Hi Jeff. Here's the requested t-sql implementation.
SET ANSI_NULLS OFF
GO
SET QUOTED_IDENTIFIER OFF
GO
CREATE Function [dbo].[Distance] (
@Lat1 as decimal(18, 6),
@Long1 as decimal(18, 6),
@Lat2 as decimal(18, 6),
@Long2 as decimal(18, 6))
Returns decimal(18, 6) With SchemaBinding
As
Begin
Declare @dLat1InRad as float(53)
Set @dLat1InRad = @Lat1 * ( PI() / 180.0 )

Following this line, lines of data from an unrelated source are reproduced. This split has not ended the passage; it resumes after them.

Lemma collinear_affine_e2_e3 a : collinear (affine_point a) e2 e3 = false.
Proof.
by rewrite collinear_det det_vec3 (_ : _ + _ = 1) ?oner_eq0 //; ring.
Qed.

Lemma hyperoval_opoly_setP : is_opoly F <-> no_three_collinear (opoly_set F).
Proof.
split=> [[_ _ _ //] | noncol]; split=> [p | p q pS qS pq | | //]; last exact: card_opoly_set.
  by case/opoly_set_cases => [[t ->] | [->|->]]; rewrite vec3_eq0 ?oner_eq0 ?andbF.
have : (0 < #|opoly_set F :\: [set p; q]|)%N.
  rewrite cardsD card_opoly_set subn_gt0.
  apply: leq_ltn_trans (subset_leq_card (subsetIr _ _)) _.
  have : (0 < #|K|)%N by apply/card_gt0P; exists 0.
  by rewrite cards2 pq; lia.
case/card_gt0P => r; rewrite in_setD in_set2 negb_or => /andP[/andP[rp rq] rS].
rewrite ![r == _]eq_sym in rp rq.
exact: contra (@same_point_collinear _ p q r) (noncol p q r pS qS rS pq rq rp).
Qed.

Ltac solve_up_to_collinear_perm tac :=
  first [ tac | rewrite collinearCl; tac | rewrite collinearCr; tac
        | rewrite collinearCl collinearCr; tac | rewrite collinearCr collinearCl; tac
        | rewrite collinearCl collinearCr collinearCl; tac ].

Lemma no_three_collinear_opoly_setP :
  no_three_collinear (opoly_set F) <->
  injective F /\ (forall a b c, a != b -> b != c -> a != c ->
                   ~~ collinear (affine_point a) (affine_point b) (affine_point c)).
Proof.
split=> [noncol | [injF noncol3] p q r].
  split=> [a b Fab | a b c ab bc ac];
    last by apply: noncol; rewrite ?affine_point_in ?affine_point_eq.
  apply/eqP/negPn/negP => ab.
  by have := noncol _ _ _ (affine_point_in a) (affine_point_in b) e2_in;
    rewrite affine_point_eq !affine_point_neq_e2 collinear_affine2_e2 Fab eqxx => /(_ ab isT isT).
case/opoly_set_cases => [[a ->]|[]->]; case/opoly_set_cases => [[b ->]|[]->];
  case/opoly_set_cases => [[c ->]|[]->];
  rewrite ?affine_point_eq ?(eq_sym e2) ?(eq_sym e3) ?affine_point_neq_e2
          ?affine_point_neq_e3 ?e2_neq_e3 ?eqxx //;
  move=> pq qr pr; solve_up_to_collinear_perm
    ltac:(by [ apply: noncol3 | rewrite collinear_affine2_e2 (inj_eq injF)
             | rewrite collinear_affine2_e3 | rewrite collinear_affine_e2_e3 ]).
Qed.

Definition Fb b x := F x + b * x.
Definition fibre b z := [set x | Fb b x == Fb b z].
(* minus the slope of the secant through (a, F a) and (x, F x), to match [Fb] *)
Definition chord a x := (F a - F x) / (x - a).

Lemma Fb_eq_chord c a x : x != a -> (Fb c x == Fb c a) = (chord a x == c).
Proof.
move=> xa; have xa0 : x - a != 0 by rewrite subr_eq0.
rewrite [RHS]eq_sym /chord -[RHS](inj_eq (mulIf xa0)) divfK // -subr_eq0 -[RHS]subr_eq0.
by congr (_ == 0); rewrite /Fb; ring.
Qed.

Lemma card_fibre c a :
  #|fibre c a| = #|[set x in [set~ a] | chord a x == c]|.+1.
Proof.
have -> : fibre c a = a |: [set x in [set~ a] | chord a x == c].
  apply/setP => x; rewrite !inE; have [->|xa] := eqVneq x a; first by rewrite eqxx.
  exact: Fb_eq_chord.
by rewrite cardsU1 !inE eqxx.
Qed.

Declare @dLong1InRad as float(53)
Set @dLong1InRad = @Long1 * ( PI() / 180.0 )
Declare @dLat2InRad as float(53)
Set @dLat2InRad = @Lat2 * ( PI() / 180.0 )
Declare @dLong2InRad as float(53)
Set @dLong2InRad = @Long2 * ( PI() / 180.0 )

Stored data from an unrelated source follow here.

(* Let $\mathcal{A}$ be a central and essential arrangement in $\mathbb{Q}^l$ as in the context, with $\lcm$-period $\rho_0$. If a prime $p$ is not good for $\mathcal{A}$, then $p$ divides $\rho_0$.
   Context: $\mathcal{A}=\{H_1,\dots,H_n\}$: $n$ distinct linear hyperplanes in $\mathbb{Q}^l$ with $\bigcap H_i=\{0\}$, $H_i=\{\alpha_i=0\}$, $\alpha_i=\sum_{k=1}^lc_{ki}x_k$ with $c_{ki}\in\mathbb{Z}$ not all divisible by any prime. $p$ is good for $\mathcal{A}$ if the reduction mod $p$ of $\prod\alpha_i$ is reduced, equivalently no reduction $(\alpha_i)_p$ is a scalar multiple of $(\alpha_j)_p$ for $i<j$. Let $C=(c_{ki})\in\mathrm{Mat}_{l\times n}(\mathbb{Z})$ with columns $c_1,\dots,c_n$; for nonempty $J=\{i_1<\dots<i_k\}\subseteq[n]$, $C_J=(c_{i_1},\dots,c_{i_k})$. Its Smith normal form has nonzero diagonal entries $e_{J,1}\mid\dots\mid e_{J,r}$ (positive), $r=\mathrm{rk}(C_J)$; set $e(J)=e_{J,r}$. The $\lcm$-period is $\rho_0=\lcm\{e(J): J\subseteq[n],\ 1\le|J|\le l\}$. *)

From HB Require Import structures.
From mathcomp Require Import all_boot all_order all_algebra.
Set Implicit Arguments. Unset Strict Implicit. Unset Printing Implicit Defensive.
Import Order.TTheory GRing.Theory Num.Theory.
Local Open Scope ring_scope.

(* The arrangement is given by the integer matrix C : 'M[int]_(l, n);
   column i holds the coefficients c_{1i},...,c_{li} of alpha_i. *)

Definition colsJ (l n : nat) (C : 'M[int]_(l, n)) (J : {set 'I_n}) :
  'M[int]_(l, #|J|) :=
  \matrix_(k, i) C k (enum_val i).

Definition smith_nonzero_diag (a b : nat) (M : 'M[int]_(a, b)) (d : seq int) : Prop :=
  exists2 L : 'M[int]_a, L \in unitmx &
  exists2 R : 'M[int]_b, R \in unitmx &
    [/\ all (fun x => 0 < x) d, sorted dvdz d, (size d <= minn a b)%N &
        M = L *m (\matrix_(i, j) (d`_i *+ (i == j :> nat))) *m R].

Definition is_last_invariant_factor (a b : nat) (M : 'M[int]_(a, b)) (e : nat) : Prop :=
  exists d : seq int, smith_nonzero_diag M d /\ d != [::] /\ (e%:Z = last 1 d).

Definition red_col (p l n : nat) (C : 'M[int]_(l, n)) (i : 'I_n) : 'cV['F_p]_l :=
  map_mx (fun z : int => z%:~R) (col i C).

Definition good_prime (p l n : nat) (C : 'M[int]_(l, n)) : Prop :=
  forall i j : 'I_n, (i < j)%N ->
    ~ exists lam : 'F_p, red_col p C i = lam *: red_col p C j.

Definition primitive_columns (l n : nat) (C : 'M[int]_(l, n)) : Prop :=
  forall (i : 'I_n) (q : nat), prime q -> exists k : 'I_l, ~~ ((q%:Z %| C k i)%Z).

Definition distinct_hyperplanes (l n : nat) (C : 'M[int]_(l, n)) : Prop :=
  forall i j : 'I_n, i != j ->
    ~ exists lam : rat, map_mx intr (col i C) = lam *: map_mx intr (col j C).

Definition essential (l n : nat) (C : 'M[int]_(l, n)) : Prop :=
  forall x : 'rV[rat]_l, x *m map_mx intr C = 0 -> x = 0.

Definition lcm_period (l n : nat) (e : {set 'I_n} -> nat) : nat :=
  \big[lcmn/1%N]_(J : {set 'I_n} | (0 < #|J| <= l)%N) e J.

(* If p is not good, two columns c_i, c_j of C become proportional mod p,
   whereas they are linearly independent over Q because H_i <> H_j.  Hence for
   J = {i, j} the l x 2 matrix C_J is injective over Q but not over F_p.
   Writing C_J = L diag(e_1, ..., e_r) R with L, R unimodular, injectivity
   over Q forces r = 2 (and l >= 2), while a kernel vector over F_p forces
   p | e_k for some k <= 2, hence p | e_2 = e(J), which divides rho_0. *)

From HB Require Import structures.
From mathcomp Require Import all_boot all_order all_algebra.
Import Order.TTheory GRing.Theory Num.Theory.
Set Implicit Arguments.
Unset Strict Implicit.
Unset Printing Implicit Defensive.
Local Open Scope ring_scope.

Definition kernel_nontrivial (R : nzRingType) (a b : nat) (M : 'M[R]_(a, b)) : Prop :=
  exists2 v : 'cV[R]_b, v != 0 & M *m v = 0.

Lemma kernel_trivial_leq (F : fieldType) (a b : nat) (M : 'M[F]_(a, b)) :
  ~ kernel_nontrivial M -> (b <= a)%N.
Proof.
move=> free; rewrite leqNgt; apply/negP => lt_ab.
have K_neq0 : kermx M^T != 0.
  rewrite -mxrank_eq0 mxrank_ker -lt0n subn_gt0.
  exact: leq_ltn_trans (rank_leq_col _) lt_ab.
have [i rowK_neq0] : exists i, row i (kermx M^T) != 0.
  apply/existsP; apply: contraR K_neq0 => /existsPn rowK0.
  by apply/eqP/row_matrixP => i; rewrite row0; apply/eqP/negbNE.
apply: free; exists (row i (kermx M^T))^T; first by rewrite trmx_eq0.
by rewrite -[M]trmxK -trmx_mul trmxK -row_mul mulmx_ker row0 trmx0.
Qed.

Lemma unitmx_map_int (R : comUnitRingType) (m : nat) (A : 'M[int]_m) :
  A \in unitmx -> (map_mx intr A : 'M[R]_m) \in unitmx.
Proof. by rewrite !unitmxE det_map_mx; apply: rmorph_unit. Qed.

Lemma kernel_nontrivial_unit_mul (R : comUnitRingType) (a b : nat)
    (L : 'M[R]_a) (N : 'M[R]_(a, b)) (U : 'M[R]_b) :
  L \in unitmx -> U \in unitmx ->
  kernel_nontrivial (L *m N *m U) <-> kernel_nontrivial N.
Proof.
move=> uL uU; split=> [[v v_neq0 LNUv0] | [w w_neq0 Nw0]].
- exists (U *m v).
    apply: contraNneq v_neq0 => /(congr1 (mulmx (invmx U))).
    by rewrite mulKmx // mulmx0 => ->.
  move: LNUv0; rewrite -!mulmxA => /(congr1 (mulmx (invmx L))).
  by rewrite mulKmx // mulmx0 => ->.
- exists (invmx U *m w).
    apply: contraNneq w_neq0 => /(congr1 (mulmx U)).
    by rewrite mulKVmx // mulmx0 => ->.
  by rewrite -!mulmxA mulKVmx // Nw0 mulmx0.
Qed.

Definition smith_diag (R : nzRingType) (a b : nat) (d : seq R) : 'M[R]_(a, b) :=
  \matrix_(i, j) (d`_i *+ (i == j :> nat)).

Lemma kernel_smith_diag (R : idomainType) (a b : nat) (d : seq int) :
  (size d <= a)%N ->
  kernel_nontrivial (map_mx intr (smith_diag a b d) : 'M[R]_(a, b)) <->
  exists k : 'I_b, (d`_k)%:~R == 0 :> R.
Proof.
(* [d`_k] is [0] for [k >= size d], which accounts for the zero columns. *)
have Dw_entry (w : 'cV[R]_b) (i : 'I_a) (k : 'I_b) : i = k :> nat ->
    (map_mx intr (smith_diag a b d) *m w) i 0 = (d`_k)%:~R * w k 0.
  move=> ik; rewrite !mxE (bigD1 k) //= big1 => [|j jk]; rewrite !mxE ik ?eqxx.
    by rewrite mulr1n addr0.
  by rewrite eq_sym (inj_eq val_inj) (negbTE jk) mulr0n mul0r.
move=> size_d; split=> [[w w_neq0 Dw0] | [k dk0]].
- have [k wk_neq0] : exists k, w k 0 != 0.
    apply/existsP; apply: contraR w_neq0 => /existsPn w0.
    by apply/eqP/matrixP => k j; rewrite ord1 mxE; apply/eqP/negbNE.
  exists k; have [ka | ak] := ltnP k a.
    move: (Dw_entry w (Ordinal ka) k erefl); rewrite Dw0 mxE.
    by move/esym/eqP; rewrite mulf_eq0 (negbTE wk_neq0) orbF.
  by rewrite nth_default ?(leq_trans size_d).
- exists (delta_mx k 0).
    by apply/eqP => /matrixP/(_ k 0); rewrite !mxE !eqxx => /eqP; rewrite oner_eq0.
  apply/matrixP => i j; rewrite ord1 [RHS]mxE.
  have [ltib | leb] := ltnP i b.
    rewrite (Dw_entry _ i (Ordinal ltib)) // mxE.
    by case: eqP => [-> | _]; rewrite ?(eqP dk0) ?mul0r ?mulr0.
  rewrite !mxE big1 // => j' _; rewrite !mxE.
  have /negbTE -> : i != j' :> nat by rewrite neq_ltn (leq_trans (ltn_ord j') leb) orbT.
  by rewrite mulr0n mul0r.
Qed.

Lemma smith_kernel (R : idomainType) (a b : nat) (M : 'M[int]_(a, b)) (d : seq int) :
  smith_nonzero_diag M d ->
  kernel_nontrivial (map_mx intr M : 'M[R]_(a, b)) <->
  exists k : 'I_b, (d`_k)%:~R == 0 :> R.
Proof.
move=> [L uL [U uU [_ _ size_d ->]]]; rewrite !map_mxM.
apply: iff_trans (kernel_nontrivial_unit_mul _ _ _) _; rewrite ?unitmx_map_int //.
exact: (kernel_smith_diag R b (leq_trans size_d (geq_minl a b))).
Qed.

Lemma smith_size_geq (a b : nat) (M : 'M[int]_(a, b)) (d : seq int) :
  smith_nonzero_diag M d -> ~ kernel_nontrivial (map_mx intr M : 'M[rat]_(a, b)) ->
  (b <= size d)%N.
Proof.
move=> sm free; rewrite leqNgt; apply/negP => lt_db.
by apply/free/(smith_kernel _ sm); exists (Ordinal lt_db); rewrite nth_default.
Qed.

Lemma smith_last_dvdz (p a b : nat) (M : 'M[int]_(a, b)) (d : seq int) :
  prime p -> smith_nonzero_diag M d ->
  ~ kernel_nontrivial (map_mx intr M : 'M[rat]_(a, b)) ->
  kernel_nontrivial (map_mx intr M : 'M['F_p]_(a, b)) ->
  (p%:Z %| last 1 d)%Z.
Proof.
move=> p_pr sm free /(smith_kernel _ sm) [k].
rewrite -(dvdz_pcharf (pchar_Fp p_pr)) => p_dk.
have k_lt : (k < size d)%N := leq_trans (ltn_ord k) (smith_size_geq sm free).
have [_ _ [_ _ [_ d_sorted _ _]]] := sm.
have d_gt0 : (0 < size d)%N := leq_ltn_trans (leq0n k) k_lt.
apply: dvdz_trans p_dk _; rewrite -nth_last (set_nth_default 0) ?prednK //.
by apply: (sorted_leq_nth dvdz_trans dvdzz); rewrite ?inE /= ?prednK // -ltnS prednK.
Qed.

Section ColumnSelection.

Variables (R : nzRingType) (n : nat) (J : {set 'I_n}).

Definition col_select : 'M[R]_(n, #|J|) := \matrix_(x, y) (x == enum_val y)%:R.

Lemma col_select_enum_val (v : 'cV[R]_#|J|) (y : 'I_#|J|) :
  (col_select *m v) (enum_val y) 0 = v y 0.
Proof.
rewrite mxE (bigD1 y) //= big1 => [|z zy]; rewrite mxE ?eqxx ?mul1r ?addr0 //.
by rewrite (inj_eq enum_val_inj) eq_sym (negbTE zy) mul0r.
Qed.

Lemma col_select_notin (v : 'cV[R]_#|J|) (x : 'I_n) :
  x \notin J -> (col_select *m v) x 0 = 0.
Proof.
move=> xJ; rewrite mxE big1 // => y _; rewrite mxE.
have /negbTE -> : x != enum_val y by apply: contraNneq xJ => ->; apply: enum_valP.
by rewrite mul0r.
Qed.

Lemma col_select_restrict (w : 'cV[R]_n) :
  (forall x, x \notin J -> w x 0 = 0) -> col_select *m \col_y w (enum_val y) 0 = w.
Proof.
move=> w_supp; apply/matrixP => x z; rewrite ord1.
have [xJ | xJ] := boolP (x \in J); last by rewrite col_select_notin ?w_supp.
by rewrite -(enum_rankK_in xJ xJ) col_select_enum_val mxE.
Qed.

End ColumnSelection.

Lemma map_colsJ (R : nzRingType) (l n : nat) (C : 'M[int]_(l, n)) (J : {set 'I_n}) :
  map_mx intr (colsJ C J) = map_mx intr C *m col_select R J :> 'M[R]_(l, #|J|).
Proof.
apply/matrixP => k y; rewrite !mxE (bigD1 (enum_val y)) //= big1 => [|x xy].
  by rewrite !mxE eqxx mulr1 addr0.
by rewrite !mxE (negbTE xy) mulr0.
Qed.

Lemma colsJ_kernel (R : nzRingType) (l n : nat) (C : 'M[int]_(l, n)) (J : {set 'I_n}) :
  kernel_nontrivial (map_mx intr (colsJ C J) : 'M[R]_(l, #|J|)) <->
  exists2 w : 'cV[R]_n, w != 0 &
    (forall x, x \notin J -> w x 0 = 0) /\ map_mx intr C *m w = 0.
Proof.
rewrite map_colsJ; split=> [[v v_neq0 CSv0] | [w w_neq0 [w_supp Cw0]]].
- exists (col_select R J *m v); last by split; [exact: col_select_notin | rewrite mulmxA].
  apply: contraNneq v_neq0 => Sv0; apply/eqP/matrixP => y z.
  by rewrite ord1 -col_select_enum_val Sv0 !mxE.
- exists (\col_y w (enum_val y) 0); last by rewrite -mulmxA col_select_restrict.
  by apply: contraNneq w_neq0 => v0; rewrite -(col_select_restrict w_supp) v0 mulmx0.
Qed.

Lemma mulmx_supported_pair (R : comNzRingType) (l n : nat) (C : 'M[R]_(l, n))
    (i j : 'I_n) (w : 'cV[R]_n) :
  i != j -> (forall x, x \notin [set i; j] -> w x 0 = 0) ->
  C *m w = w i 0 *: col i C + w j 0 *: col j C.
Proof.
move=> ij w_supp; apply/matrixP => k z; rewrite ord1 !mxE (bigD1 i) //= (bigD1 j) 1?eq_sym //=.
rewrite big1 => [|x /andP [xj xi]]; last by rewrite w_supp ?mulr0 // !inE negb_or xi xj.
by rewrite addr0 [C k i * _]mulrC [C k j * _]mulrC.
Qed.

Lemma distinct_cols_free (l n : nat) (C : 'M[int]_(l, n)) (i j : 'I_n) (a b : rat) :
  distinct_hyperplanes C -> i != j ->
  a *: map_mx intr (col i C) + b *: map_mx intr (col j C) = 0 -> a = 0 /\ b = 0.
Proof.
move=> dist ij comb0.
have [a0 | a_neq0] := eqVneq a 0.
  split=> //; have [// | b_neq0] := eqVneq b 0.
  case: (dist j i); first by rewrite eq_sym.
  exists 0; rewrite scale0r; apply: (scalerI b_neq0).
  by move: comb0; rewrite a0 scale0r add0r scaler0.
case: (dist i j ij); exists (- (b / a)).
apply: (scalerI a_neq0); rewrite scalerA mulrN mulrCA divff // mulr1 scaleNr.
by apply/eqP; rewrite -addr_eq0 comb0.
Qed.

Lemma colsJ_pair_free (l n : nat) (C : 'M[int]_(l, n)) (i j : 'I_n) :
  distinct_hyperplanes C -> i != j ->
  ~ kernel_nontrivial (map_mx intr (colsJ C [set i; j]) : 'M[rat]_(l, _)).
Proof.
move=> dist ij /colsJ_kernel [w w_neq0 [w_supp]].
rewrite (mulmx_supported_pair _ ij w_supp) -!map_col.
move=> /(distinct_cols_free dist ij) [wi0 wj0].
apply: (negP w_neq0); apply/eqP/matrixP => x z; rewrite ord1 mxE.
have [xij | /w_supp //] := boolP (x \in [set i; j]).
by move: xij; rewrite !inE => /orP [] /eqP ->.
Qed.

Lemma colsJ_pair_dependent (R : comNzRingType) (l n : nat) (C : 'M[int]_(l, n))
    (i j : 'I_n) (lam : R) :
  i != j -> map_mx intr (col i C) = lam *: map_mx intr (col j C) ->
  kernel_nontrivial (map_mx intr (colsJ C [set i; j]) : 'M[R]_(l, _)).
Proof.
move=> ij ci_lam; apply/colsJ_kernel.
pose w : 'cV[R]_n := \col_x ((x == i)%:R - lam * (x == j)%:R).
have w_supp x : x \notin [set i; j] -> w x 0 = 0.
  by rewrite !inE negb_or mxE => /andP [/negbTE -> /negbTE ->]; rewrite mulr0 subr0.
exists w; last split=> //.
  apply/eqP => /matrixP/(_ i 0); rewrite !mxE eqxx (negbTE ij) mulr0 subr0.
  by move/eqP; rewrite oner_eq0.
have ji : j != i by rewrite eq_sym.
rewrite (mulmx_supported_pair _ ij w_supp) !mxE !eqxx (negbTE ij) (negbTE ji).
rewrite mulr0 subr0 mulr1 sub0r.
by rewrite scale1r -map_col ci_lam scaleNr map_col subrr.
Qed.

Theorem proposition7p4 (l n : nat) (C : 'M[int]_(l, n))
  (e : {set 'I_n} -> nat) (p : nat) :
  primitive_columns C -> distinct_hyperplanes C -> essential C ->
  (forall J : {set 'I_n}, (0 < #|J| <= l)%N ->
     is_last_invariant_factor (colsJ C J) (e J)) ->
  prime p -> ~ good_prime p C ->
  (p %| lcm_period l e)%N.
Proof.
move=> _ dist _ last_factor p_pr not_good.
apply/negPn/negP => p_ndvd; apply: not_good => i j lt_ij [lam red_dep]; apply: (negP p_ndvd).
have ij : i != j by rewrite neq_ltn lt_ij.
have free := colsJ_pair_free dist ij.
have J_size : (0 < #|[set i; j]| <= l)%N.
  by rewrite (kernel_trivial_leq free) andbT cards2 ij.
apply: (biglcmn_sup [set i; j]) => //.
have [d [smith_d [_ e_last]]] := last_factor _ J_size.
rewrite -[(p %| _)%N]/(p%:Z %| (e [set i; j])%:Z)%Z e_last.
exact: smith_last_dvdz p_pr smith_d free (colsJ_pair_dependent ij red_dep).
Qed.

Declare @dLongitude as float(53)
Set @dLongitude = @dLong2InRad - @dLong1InRad
Declare @dLatitude as float(53)
Set @dLatitude = @dLat2InRad - @dLat1InRad
/* Intermediate result a. */
Declare @a as float(53)
Set @a = SQUARE( SIN( @dLatitude / 2.0 ) ) + COS( @dLat1InRad ) * COS( @dLat2InRad ) * SQUARE( SIN( @dLongitude / 2.0 ) )
/* Intermediate result c (great circle distance in Radians). */
Declare @C as real
Set @C = 2.0 * ATN2( SQRT( @a ), SQRT( 1.0 - @a ) )
Declare @EarthRadius as decimal(18, 6)
Set @EarthRadius = 3956.0 /* miles */
Declare @dDistance as decimal(18, 6)
Set @dDistance = @EarthRadius * @C
Return (@dDistance)
End